§ ASSIGNMENT:
For the material that follows, list every line containing the word "forall".
━━━ SUPPLIED INFORMATION
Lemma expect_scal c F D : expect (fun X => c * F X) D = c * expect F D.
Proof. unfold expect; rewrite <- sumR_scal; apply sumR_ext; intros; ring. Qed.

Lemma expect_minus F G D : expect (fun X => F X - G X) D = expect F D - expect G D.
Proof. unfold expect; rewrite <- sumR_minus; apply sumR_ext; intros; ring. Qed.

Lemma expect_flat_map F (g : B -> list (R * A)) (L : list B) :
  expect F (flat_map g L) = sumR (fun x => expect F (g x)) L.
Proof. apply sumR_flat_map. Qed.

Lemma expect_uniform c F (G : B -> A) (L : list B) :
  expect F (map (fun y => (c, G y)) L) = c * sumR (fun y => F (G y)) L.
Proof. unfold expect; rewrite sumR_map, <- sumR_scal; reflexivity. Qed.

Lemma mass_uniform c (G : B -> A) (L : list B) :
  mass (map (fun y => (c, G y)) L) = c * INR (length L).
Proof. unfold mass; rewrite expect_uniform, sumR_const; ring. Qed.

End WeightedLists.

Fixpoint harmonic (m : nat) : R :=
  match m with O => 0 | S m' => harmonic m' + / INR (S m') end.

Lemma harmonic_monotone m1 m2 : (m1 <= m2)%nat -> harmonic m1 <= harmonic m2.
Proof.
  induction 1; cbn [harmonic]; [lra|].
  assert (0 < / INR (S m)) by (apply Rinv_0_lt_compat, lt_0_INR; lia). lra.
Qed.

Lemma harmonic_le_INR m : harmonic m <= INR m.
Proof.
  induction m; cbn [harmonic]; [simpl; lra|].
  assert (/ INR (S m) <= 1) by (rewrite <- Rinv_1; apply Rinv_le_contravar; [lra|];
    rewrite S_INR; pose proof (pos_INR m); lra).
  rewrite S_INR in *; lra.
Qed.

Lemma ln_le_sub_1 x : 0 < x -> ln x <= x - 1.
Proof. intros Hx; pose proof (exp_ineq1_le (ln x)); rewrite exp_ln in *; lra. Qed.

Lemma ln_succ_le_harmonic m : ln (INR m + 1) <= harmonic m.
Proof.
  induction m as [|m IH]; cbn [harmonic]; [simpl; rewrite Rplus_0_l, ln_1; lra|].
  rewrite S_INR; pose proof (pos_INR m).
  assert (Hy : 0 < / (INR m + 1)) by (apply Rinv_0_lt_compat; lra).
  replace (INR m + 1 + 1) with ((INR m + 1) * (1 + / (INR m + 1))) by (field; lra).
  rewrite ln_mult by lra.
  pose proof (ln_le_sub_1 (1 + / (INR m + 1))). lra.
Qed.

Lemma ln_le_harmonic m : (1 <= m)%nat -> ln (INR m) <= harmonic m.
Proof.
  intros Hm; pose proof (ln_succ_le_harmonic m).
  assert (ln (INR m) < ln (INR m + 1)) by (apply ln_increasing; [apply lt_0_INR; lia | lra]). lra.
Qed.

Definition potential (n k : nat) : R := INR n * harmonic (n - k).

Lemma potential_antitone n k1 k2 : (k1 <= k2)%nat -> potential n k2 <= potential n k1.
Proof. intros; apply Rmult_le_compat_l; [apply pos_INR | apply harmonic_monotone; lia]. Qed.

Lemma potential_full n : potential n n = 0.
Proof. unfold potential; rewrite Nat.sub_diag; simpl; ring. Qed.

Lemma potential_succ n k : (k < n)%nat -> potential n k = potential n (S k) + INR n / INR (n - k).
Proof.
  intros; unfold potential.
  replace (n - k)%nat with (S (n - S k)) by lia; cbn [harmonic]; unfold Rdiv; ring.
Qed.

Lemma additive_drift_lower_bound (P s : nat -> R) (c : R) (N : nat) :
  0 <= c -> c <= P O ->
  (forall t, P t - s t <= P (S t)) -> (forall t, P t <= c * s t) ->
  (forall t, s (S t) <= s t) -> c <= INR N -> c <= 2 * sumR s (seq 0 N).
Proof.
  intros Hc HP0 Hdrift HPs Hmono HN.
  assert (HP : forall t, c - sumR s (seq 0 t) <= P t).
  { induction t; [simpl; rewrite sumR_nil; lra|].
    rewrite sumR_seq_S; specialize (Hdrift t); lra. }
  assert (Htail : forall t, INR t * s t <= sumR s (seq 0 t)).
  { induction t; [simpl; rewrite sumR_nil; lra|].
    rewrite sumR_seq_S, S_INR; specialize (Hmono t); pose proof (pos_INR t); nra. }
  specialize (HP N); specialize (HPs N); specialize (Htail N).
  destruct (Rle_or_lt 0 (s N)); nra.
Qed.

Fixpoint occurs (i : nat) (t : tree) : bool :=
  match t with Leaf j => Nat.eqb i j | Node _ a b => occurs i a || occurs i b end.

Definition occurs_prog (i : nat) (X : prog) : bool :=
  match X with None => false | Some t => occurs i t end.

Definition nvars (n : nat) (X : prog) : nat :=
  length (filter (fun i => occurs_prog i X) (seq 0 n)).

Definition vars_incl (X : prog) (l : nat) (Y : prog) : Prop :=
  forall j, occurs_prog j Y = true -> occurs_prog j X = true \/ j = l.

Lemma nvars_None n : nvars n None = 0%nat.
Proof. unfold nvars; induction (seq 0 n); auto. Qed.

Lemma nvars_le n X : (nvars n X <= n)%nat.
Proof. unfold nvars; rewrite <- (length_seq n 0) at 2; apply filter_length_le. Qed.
━━━━━━
§ WRITTEN RESPONSE:
  (forall t, P t - s t <= P (S t)) -> (forall t, P t <= c * s t) ->
  (forall t, s (S t) <= s t) -> c <= INR N -> c <= 2 * sumR s (seq 0 N).
  assert (HP : forall t, c - sumR s (seq 0 t) <= P t).
  assert (Htail : forall t, INR t * s t <= sumR s (seq 0 t)).
  forall j, occurs_prog j Y = true -> occurs_prog j X = true \/ j = l.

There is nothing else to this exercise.